=== THE DATA ===
Fixpoint unbounded (n : nat) (chi : seq M -> Prop) : Prop :=
  match n with
  | 0 => chi [::]
  | n'.+1 => forall a : M, exists x : M,
      ltM a x /\ unbounded n' (fun l => chi (x :: l))
  end.

End Sem.

Definition theory := formula -> Prop.

Definition L_theory (T : theory) : Prop := forall f, T f -> sentence f.

Definition is_model (M : structure) (T : theory) : Prop :=
  forall f, T f -> forall e : nat -> M, sat e f.

Definition entails (T : theory) (f : formula) : Prop :=
  forall M : structure, is_model M T -> forall e : nat -> M, sat e f.

Definition complete (T : theory) : Prop :=
  (exists M : structure, is_model M T) /\
  forall s, sentence s -> entails T s \/ entails T (Neg s).

Definition lt_linear (T : theory) : Prop :=
  forall M : structure, is_model M T ->
    (forall a : M, ~ ltM a a) /\
    (forall a b c : M, ltM a b -> ltM b c -> ltM a c) /\
    (forall a b : M, ltM a b \/ a = b \/ ltM b a).

Definition has_skolem (T : theory) : Prop :=
  forall (theta : formula) (y : nat) (xs : seq nat),
    wf_formula theta -> y \notin xs -> {subset fv theta <= y :: xs} ->
    exists tau : term, wf_term tau /\ {subset vars_term tau <= xs} /\
      forall M : structure, is_model M T -> forall e : nat -> M,
        (exists a : M, sat (upd e y a) theta) ->
        sat (upd e y (eval e tau)) theta.

Definition inaccessibility (T : theory) : Prop :=
  forall (phi : formula) (xs ts : seq nat),
    wf_formula phi -> uniq (xs ++ ts) -> {subset fv phi <= xs ++ ts} ->
    forall M : structure, is_model M T -> forall (e : nat -> M) (z0 : M),
      exists z1 : M, ltM z0 z1 /\
        forall ys0 : seq M, size ys0 = size xs ->
          exists ys1 : seq M, size ys1 = size xs /\ below z1 ys1 /\
            forall tv : seq M, size tv = size ts -> below z0 tv ->
              (sat (upd_list (upd_list e xs ys0) ts tv) phi <->
               sat (upd_list (upd_list e xs ys1) ts tv) phi).

Definition regularity_for (P : nat -> Prop) (T : theory) : Prop :=
  forall (phi : formula) (xs ys ts : seq nat),
    P (size xs) ->
    wf_formula phi -> uniq (xs ++ ys ++ ts) ->
    {subset fv phi <= xs ++ ys ++ ts} ->
    forall M : structure, is_model M T ->
    forall (e : nat -> M) (y0 : M) (bs : seq M), size bs = size ts ->
      unbounded (size xs) (fun xv : seq M =>
        exists yv : seq M, size yv = size ys /\ below y0 yv /\
          sat (upd_list (upd_list (upd_list e xs xv) ys yv) ts bs) phi) ->
      exists yv1 : seq M, size yv1 = size ys /\ below y0 yv1 /\
        unbounded (size xs) (fun xv : seq M =>
          sat (upd_list (upd_list (upd_list e xs xv) ys yv1) ts bs) phi).

End FOL.

From mathcomp Require Import all_boot.
From Stdlib Require Import Classical FunctionalExtensionality.
Set Implicit Arguments. Unset Strict Implicit. Unset Printing Implicit Defensive.

(* (i) A Skolem term tau(ys, ts) bounds phi(., ys, ts) whenever phi(., ys, ts)
   is bounded.  Inaccessibility, applied to the graph x = tau(ys, ts), makes
   tau map the parameters below some z0 into an interval below some z1.  If
   regularity failed, pick x0 > z1 with phi(x0, yv, bs) for some yv < y0: then
   tau(yv, bs) < z1 < x0 although tau(yv, bs) bounds phi(., yv, bs).
   (ii) By induction on |xs|: unboundedness of phi in the tail xs is expressed
   by a formula psi(x1, ys, ts); the induction hypothesis, applied with x1 as
   an extra parameter, shows that (exists ys < y0) psi is unbounded in x1, and
   regularity for one variable yields a single ys that works. *)

Section Valuations.
Variables (L : language) (M : structure L).
Implicit Types (e : nat -> M) (xs ys : seq nat).

Lemma upd_eq e x c : upd e x c x = c.
Proof. by rewrite /upd eqxx. Qed.

Lemma upd_neq e x c v : v != x -> upd e x c v = e v.
Proof. by rewrite /upd => /negbTE ->. Qed.

Lemma upd_comm e x y c d : x != y -> upd (upd e x c) y d = upd (upd e y d) x c.
Proof.
move=> neq_xy; apply: functional_extensionality => v; rewrite /upd.
have [vy|] := eqVneq v y; have [vx|] := eqVneq v x => //.
by rewrite -vx vy eqxx in neq_xy.
Qed.

Lemma upd_list_upd e x c xs vs :
  x \notin xs -> upd_list (upd e x c) xs vs = upd (upd_list e xs vs) x c.
Proof.
elim: xs vs e => [|y xs IH] [|v vs] e //=.
by rewrite inE negb_or => /andP[neq_xy x_xs]; rewrite upd_comm // IH.
Qed.

Lemma upd_list_cat e xs ys vs ws : size vs = size xs ->
  upd_list e (xs ++ ys) (vs ++ ws) = upd_list (upd_list e xs vs) ys ws.
Proof. by elim: xs vs e => [|x xs IH] [|v vs] e //= [] /IH. Qed.

Lemma upd_list_comm e xs ys vs ws : {in xs, forall v, v \notin ys} ->
  upd_list (upd_list e xs vs) ys ws = upd_list (upd_list e ys ws) xs vs.
Proof.
elim: xs vs e => [|x xs IH] [|v vs] e //= dis.
rewrite IH => [|u u_xs]; last by apply: dis; rewrite inE u_xs orbT.
by rewrite upd_list_upd // dis // mem_head.
Qed.

Fixpoint eq_eval e1 e2 t : {in vars_term t, e1 =1 e2} -> eval e1 t = eval e2 t.
Proof.
case: t => [n|f ts] /= e12; first by apply: e12; rewrite mem_head.
congr interpF; elim: ts e12 => [|t ts IHts] //= e12.
by congr cons; [apply: eq_eval | apply: IHts] => v v_t; apply: e12; rewrite mem_cat v_t ?orbT.
Qed.

Lemma eq_sat f e1 e2 : {in fv f, e1 =1 e2} -> sat e1 f <-> sat e2 f.
Proof.
elim: f e1 e2 => [|t1 t2|r ts|f1 IH1 f2 IH2|f1 IH1 f2 IH2|f1 IH1 f2 IH2|x f IH|x f IH]
  e1 e2 e12 /=.
4-6: (have [e12_1 e12_2] : {in fv f1, e1 =1 e2} /\ {in fv f2, e1 =1 e2}
       by split=> v v_f; apply: e12; rewrite mem_cat v_f ?orbT);
     by move: (IH1 _ _ e12_1) (IH2 _ _ e12_2); tauto.
4,5: have e12x c : {in fv f, upd e1 x c =1 upd e2 x c}
       by move=> v v_f; rewrite /upd; case: eqP => // /eqP vx; apply: e12; rewrite mem_filter vx.
- by [].
- by rewrite !(@eq_eval e1 e2) // => v v_t; apply: e12; rewrite mem_cat v_t ?orbT.
- suff -> : map (eval e1) ts = map (eval e2) ts by [].
  elim: ts e12 => [|t ts IHts] //= e12.
  by congr cons; [apply: eq_eval | apply: IHts] => v v_t; apply: e12; rewrite mem_cat v_t ?orbT.
- by split=> sat_f c; apply/(IH _ _ (e12x c)).
- by split=> -[c sat_f]; exists c; apply/(IH _ _ (e12x c)).
Qed.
===
Go through the records and output them all, word for word.

### RESPONSE BOX
Fixpoint unbounded (n : nat) (chi : seq M -> Prop) : Prop :=
  match n with
  | 0 => chi [::]
  | n'.+1 => forall a : M, exists x : M,
      ltM a x /\ unbounded n' (fun l => chi (x :: l))
  end.

End Sem.

Definition theory := formula -> Prop.

Definition L_theory (T : theory) : Prop := forall f, T f -> sentence f.

Definition is_model (M : structure) (T : theory) : Prop :=
  forall f, T f -> forall e : nat -> M, sat e f.

Definition entails (T : theory) (f : formula) : Prop :=
  forall M : structure, is_model M T -> forall e : nat -> M, sat e f.

Definition complete (T : theory) : Prop :=
  (exists M : structure, is_model M T) /\
  forall s, sentence s -> entails T s \/ entails T (Neg s).

Definition lt_linear (T : theory) : Prop :=
  forall M : structure, is_model M T ->
    (forall a : M, ~ ltM a a) /\
    (forall a b c : M, ltM a b -> ltM b c -> ltM a c) /\
    (forall a b : M, ltM a b \/ a = b \/ ltM b a).

Definition has_skolem (T : theory) : Prop :=
  forall (theta : formula) (y : nat) (xs : seq nat),
    wf_formula theta -> y \notin xs -> {subset fv theta <= y :: xs} ->
    exists tau : term, wf_term tau /\ {subset vars_term tau <= xs} /\
      forall M : structure, is_model M T -> forall e : nat -> M,
        (exists a : M, sat (upd e y a) theta) ->
        sat (upd e y (eval e tau)) theta.

Definition inaccessibility (T : theory) : Prop :=
  forall (phi : formula) (xs ts : seq nat),
    wf_formula phi -> uniq (xs ++ ts) -> {subset fv phi <= xs ++ ts} ->
    forall M : structure, is_model M T -> forall (e : nat -> M) (z0 : M),
      exists z1 : M, ltM z0 z1 /\
        forall ys0 : seq M, size ys0 = size xs ->
          exists ys1 : seq M, size ys1 = size xs /\ below z1 ys1 /\
            forall tv : seq M, size tv = size ts -> below z0 tv ->
              (sat (upd_list (upd_list e xs ys0) ts tv) phi <->
               sat (upd_list (upd_list e xs ys1) ts tv) phi).

Definition regularity_for (P : nat -> Prop) (T : theory) : Prop :=
  forall (phi : formula) (xs ys ts : seq nat),
    P (size xs) ->
    wf_formula phi -> uniq (xs ++ ys ++ ts) ->
    {subset fv phi <= xs ++ ys ++ ts} ->
    forall M : structure, is_model M T ->
    forall (e : nat -> M) (y0 : M) (bs : seq M), size bs = size ts ->
      unbounded (size xs) (fun xv : seq M =>
        exists yv : seq M, size yv = size ys /\ below y0 yv /\
          sat (upd_list (upd_list (upd_list e xs xv) ys yv) ts bs) phi) ->
      exists yv1 : seq M, size yv1 = size ys /\ below y0 yv1 /\
        unbounded (size xs) (fun xv : seq M =>
          sat (upd_list (upd_list (upd_list e xs xv) ys yv1) ts bs) phi).

End FOL.

From mathcomp Require Import all_boot.
From Stdlib Require Import Classical FunctionalExtensionality.
Set Implicit Arguments. Unset Strict Implicit. Unset Printing Implicit Defensive.

(* (i) A Skolem term tau(ys, ts) bounds phi(., ys, ts) whenever phi(., ys, ts)
   is bounded.  Inaccessibility, applied to the graph x = tau(ys, ts), makes
   tau map the parameters below some z0 into an interval below some z1.  If
   regularity failed, pick x0 > z1 with phi(x0, yv, bs) for some yv < y0: then
   tau(yv, bs) < z1 < x0 although tau(yv, bs) bounds phi(., yv, bs).
   (ii) By induction on |xs|: unboundedness of phi in the tail xs is expressed
   by a formula psi(x1, ys, ts); the induction hypothesis, applied with x1 as
   an extra parameter, shows that (exists ys < y0) psi is unbounded in x1, and
   regularity for one variable yields a single ys that works. *)

Section Valuations.
Variables (L : language) (M : structure L).
Implicit Types (e : nat -> M) (xs ys : seq nat).

Lemma upd_eq e x c : upd e x c x = c.
Proof. by rewrite /upd eqxx. Qed.

Lemma upd_neq e x c v : v != x -> upd e x c v = e v.
Proof. by rewrite /upd => /negbTE ->. Qed.

Lemma upd_comm e x y c d : x != y -> upd (upd e x c) y d = upd (upd e y d) x c.
Proof.
move=> neq_xy; apply: functional_extensionality => v; rewrite /upd.
have [vy|] := eqVneq v y; have [vx|] := eqVneq v x => //.
by rewrite -vx vy eqxx in neq_xy.
Qed.

Lemma upd_list_upd e x c xs vs :
  x \notin xs -> upd_list (upd e x c) xs vs = upd (upd_list e xs vs) x c.
Proof.
elim: xs vs e => [|y xs IH] [|v vs] e //=.
by rewrite inE negb_or => /andP[neq_xy x_xs]; rewrite upd_comm // IH.
Qed.

Lemma upd_list_cat e xs ys vs ws : size vs = size xs ->
  upd_list e (xs ++ ys) (vs ++ ws) = upd_list (upd_list e xs vs) ys ws.
Proof. by elim: xs vs e => [|x xs IH] [|v vs] e //= [] /IH. Qed.

Lemma upd_list_comm e xs ys vs ws : {in xs, forall v, v \notin ys} ->
  upd_list (upd_list e xs vs) ys ws = upd_list (upd_list e ys ws) xs vs.
Proof.
elim: xs vs e => [|x xs IH] [|v vs] e //= dis.
rewrite IH => [|u u_xs]; last by apply: dis; rewrite inE u_xs orbT.
by rewrite upd_list_upd // dis // mem_head.
Qed.

Fixpoint eq_eval e1 e2 t : {in vars_term t, e1 =1 e2} -> eval e1 t = eval e2 t.
Proof.
case: t => [n|f ts] /= e12; first by apply: e12; rewrite mem_head.
congr interpF; elim: ts e12 => [|t ts IHts] //= e12.
by congr cons; [apply: eq_eval | apply: IHts] => v v_t; apply: e12; rewrite mem_cat v_t ?orbT.
Qed.

Lemma eq_sat f e1 e2 : {in fv f, e1 =1 e2} -> sat e1 f <-> sat e2 f.
Proof.
elim: f e1 e2 => [|t1 t2|r ts|f1 IH1 f2 IH2|f1 IH1 f2 IH2|f1 IH1 f2 IH2|x f IH|x f IH]
  e1 e2 e12 /=.
4-6: (have [e12_1 e12_2] : {in fv f1, e1 =1 e2} /\ {in fv f2, e1 =1 e2}
       by split=> v v_f; apply: e12; rewrite mem_cat v_f ?orbT);
     by move: (IH1 _ _ e12_1) (IH2 _ _ e12_2); tauto.
4,5: have e12x c : {in fv f, upd e1 x c =1 upd e2 x c}
       by move=> v v_f; rewrite /upd; case: eqP => // /eqP vx; apply: e12; rewrite mem_filter vx.
- by [].
- by rewrite !(@eq_eval e1 e2) // => v v_t; apply: e12; rewrite mem_cat v_t ?orbT.
- suff -> : map (eval e1) ts = map (eval e2) ts by [].
  elim: ts e12 => [|t ts IHts] //= e12.
  by congr cons; [apply: eq_eval | apply: IHts] => v v_t; apply: e12; rewrite mem_cat v_t ?orbT.
- by split=> sat_f c; apply/(IH _ _ (e12x c)).
- by split=> -[c sat_f]; exists c; apply/(IH _ _ (e12x c)).
Qed.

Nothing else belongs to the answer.